Sehr geschätzte Frau Walküre

Von Ihnen und nur von Ihnen akzeptiere ich Mutmassungen über die psychosomatische Natur meines Ohrenleidens. Ich tue es, weil ich Sie als wohlmeinende Leserin kenne und überzeugt bin, dass Sie sie aus Anteilnahme äussern. Einer Anteilnahme, zu der sie ja niemand verpflichtet. Dass sie sie dennoch aufbrigen, weiss ich zu schätzen.

Im Allgemeinen aber gehe ich dieser Art von Mitgefühlsbekundungen anders um: Ich schütze mich vor ihnen und jenen, die sie von sich geben. Ich nenne solche Leute die Lottis dieser Welt und erzähle ihnen nichts, aber auch gar nichts Persönliches. Denn ich bin zur Überzeugung gelangt, dass psychosomatische Theorien im Allgemeinen eine Abwehr der Gesunden, der Beschränkten und der Herzlosen vor der Krankheit sind. Weil sie sich nicht vorstellen können (oder wollen), dass es Dinge gibt, über die eine Einzelner keine Macht hat. Oder, weil sie gerne helfen würden oder gar müssten, aber nicht wissen wie.
Oh, ich habe schon Ärzte zu psychosomatischen Theorien Zuflucht nehmen hören!

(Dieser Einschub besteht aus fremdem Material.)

(* Let $\lambda\in(0,r^\alpha)$ and consider the $\lambda$-NRW on the augmented tree. For $f\in\mathcal D_X$: (i) there exists $C>0$ (depending on $f$) such that for every geodesic ray $(\mathbf x_n)_n$, $|f(\mathbf x_{n+1})-f(\mathbf x_n)|\le C(\lambda/r^\alpha)^{n/2}$ for all $n$, and hence $\lim_{n\to\infty}f(\mathbf x_n)$ exists; (ii) if two geodesic rays $(\mathbf x_n)_n$ and $(\mathbf y_n)_n$ converge to the same point of $K$, then $\lim_nf(\mathbf x_n)=\lim_nf(\mathbf y_n)$.
   Context: Let $\{S_i\}_{i=1}^N$ ($N\ge2$) be contractive similitudes of $\mathbb R^d$ with ratios $r_i\in(0,1)$ satisfying the open set condition; $K$ the self-similar set, $\alpha$ its Hausdorff dimension ($\sum r_i^\alpha=1$), $r=\min r_i$. $\Sigma^*$ finite words with empty word $\vartheta$, $S_{\mathbf x}=S_{i_1}\circ\cdots\circ S_{i_k}$, $r_{\mathbf x}=r_{i_1}\cdots r_{i_k}$. $\mathcal J_0=\{\vartheta\}$, $\mathcal J_n=\{i_1\cdots i_k:r_{i_1\cdots i_k}\le r^n<r_{i_1\cdots i_{k-1}}\}$, $X=\bigcup_n\mathcal J_n$, $|\mathbf x|=n$ on $\mathcal J_n$, parent $\mathbf x^-$ the prefix in $\mathcal J_{n-1}$. Edges: $\{\mathbf x,\mathbf x^-\}$ and horizontal $\{\mathbf x,\mathbf y\}$ ($\mathbf x\ne\mathbf y\in\mathcal J_n$, $\inf_{\xi,\eta\in K}|S_{\mathbf x}(\xi)-S_{\mathbf y}(\eta)|\le\gamma r^n$); $\mathbf x\sim\mathbf y$ denotes adjacency. A geodesic ray is $(\mathbf x_n)$, $\mathbf x_n\in\mathcal J_n$, each a prefix of the next; it converges to $\xi$ if $\xi\in S_{\mathbf x_n}(K)$ for all $n$. The $\lambda$-NRW conductances: $c(\mathbf x,\mathbf x^-)=r_{\mathbf x}^\alpha\lambda^{-|\mathbf x|}$, $c(\mathbf x,\mathbf y)\asymp r_{\mathbf x}^\alpha\lambda^{-|\mathbf x|}$ for horizontal edges, zero otherwise. $\mathcal E_X[f]=\frac12\sum_{\mathbf x\sim\mathbf y}c(\mathbf x,\mathbf y)(f(\mathbf x)-f(\mathbf y))^2$, $\mathcal D_X=\{f:X\to\mathbb R:\mathcal E_X[f]<\infty\}$. *)

From HB Require Import structures.
From mathcomp Require Import all_boot all_order all_algebra.
From mathcomp Require Import all_classical all_reals all_analysis.
Set Implicit Arguments. Unset Strict Implicit. Unset Printing Implicit Defensive.
Import Order.TTheory GRing.Theory Num.Theory.
Import numFieldNormedType.Exports.
Local Open Scope classical_set_scope.
Local Open Scope ring_scope.

Section SelfSimilar.
Variables (R : realType) (d N : nat).

Definition edist (x y : 'rV[R]_d) : R :=
  Num.sqrt (\sum_(k < d) (x ord0 k - y ord0 k) ^+ 2).

Variable S : 'I_N -> 'rV[R]_d -> 'rV[R]_d.
Variable rs : 'I_N -> R.

Definition contractive_similitudes : Prop :=
  forall i, 0 < rs i < 1 /\
    forall x y, edist (S i x) (S i y) = rs i * edist x y.

Definition OSC : Prop :=
  exists U : set 'rV[R]_d, open U /\ U !=set0 /\
    (forall i, S i @` U `<=` U) /\
    (forall i j, i != j -> (S i @` U) `&` (S j @` U) = set0).

Definition self_similar_set (K : set 'rV[R]_d) : Prop :=
  compact K /\ K !=set0 /\ K = \bigcup_(i in [set: 'I_N]) (S i @` K).

Definition rmin : R := \big[Num.min/1]_(i < N) rs i.

Definition word := seq 'I_N.

Definition Sw (x : word) : 'rV[R]_d -> 'rV[R]_d :=
  foldr (fun i g => S i \o g) id x.

Definition rw (x : word) : R := \prod_(i <- x) rs i.

Definition inJ (n : nat) (x : word) : Prop :=
  if n is 0 then x = [::]
  else x <> [::] /\ rw x <= rmin ^+ n /\ rmin ^+ n < rw (take (size x).-1 x).

Definition inX (x : word) : Prop := exists n, inJ n x.

Definition vedge (x y : word) : Prop :=
  exists n, inJ n.+1 x /\ inJ n y /\ prefix y x.

Variable K : set 'rV[R]_d.
Variable gamma : R.

Definition hedge (x y : word) : Prop :=
  exists n, inJ n x /\ inJ n y /\ x <> y /\
    inf [set edist (Sw x xi) (Sw y eta) | xi in K & eta in K] <= gamma * rmin ^+ n.

Definition adj (x y : word) : Prop := vedge x y \/ vedge y x \/ hedge x y.

Variable lambda alpha : R.

Definition NRW_conductance (c : word -> word -> R) : Prop :=
  (forall x y, c x y = c y x) /\
  (forall n x y, inJ n.+1 x -> inJ n y -> prefix y x ->
      c x y = rw x `^ alpha * lambda ^- n.+1) /\
  (exists C1 C2 : R, 0 < C1 /\ 0 < C2 /\
     forall n x y, inJ n x -> hedge x y ->
       C1 * (rw x `^ alpha * lambda ^- n) <= c x y /\
       c x y <= C2 * (rw x `^ alpha * lambda ^- n)) /\
  (forall x y, ~ adj x y -> c x y = 0).

Definition energy (c : word -> word -> R) (f : word -> R) : \bar R :=
  (2^-1)%:E * \esum_(p in [set p : word * word | adj p.1 p.2])
                 (c p.1 p.2 * (f p.1 - f p.2) ^+ 2)%:E.

Definition in_DX (c : word -> word -> R) (f : word -> R) : Prop :=
  (energy c f < +oo)%E.

Definition geodesic_ray (xs : nat -> word) : Prop :=
  forall n, inJ n (xs n) /\ prefix (xs n) (xs n.+1).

Meinen ersten Ohrenarzt zum Beispiel. Erst diagnostizierte er mir (fälschlicherweise) einen Hörsturz. Dann riet er mir, künftig weniger herumzustressen (wobei er mir nicht erklären konnte, wie er das genau meinte). Dann gab er mir eine kleine Broschüre mit. Darin stand, Hörsturzpatienten seien häufig besonders ängstliche Menschen. Ja, prima! Natürlich ist die Frogg ein besonders ängstlicher Mensch. Das weiss ich seit Jahren. Aber dagegen konnte der Ohrenarzt auch nichts tun (die Psychotherapeutin übrigens auch nicht). Auch gegen das Ohrenleiden konnte der Ohrenarzt nichts tun! Immerhin fühlte er sich wahrscheinlich besser, nachdem er die Schuld daran meiner gestörten Persönlichkeit zugeschoben hatte.

Ich nenne das nicht helfen, ich nenne es dem Opfer einen Tritt in den Arsch geben.

Ich fand das widerlich. Ich wechselte den Arzt.

Ein guter Entscheid, finde ich heute noch. Denn, ja, ich war verängstigt, besonders damals, vor acht Jahren. Ich hatte Angst vor einem weiteren Hörsturz. Ich war erschöpft, weil ich vor Sorge und vom Tinnitus nicht schlafen konnte. Wunderts jemanden, dass ich mich extra gestresst fühlte und deshalb erst recht ideal präpariert für einen weiteren Hörsturz? Eben. Dass ich ausserdem keine Lust hatte, mich auch noch mit Persönlichkeitsdefiziten auseinander zu setzen, die mir jemand angedichtet hatte, der mich zweimal kurz in seiner Praxis gesehen hatte? Eben. Und genauso wie vor acht Jahren geht es mir auch im Moment.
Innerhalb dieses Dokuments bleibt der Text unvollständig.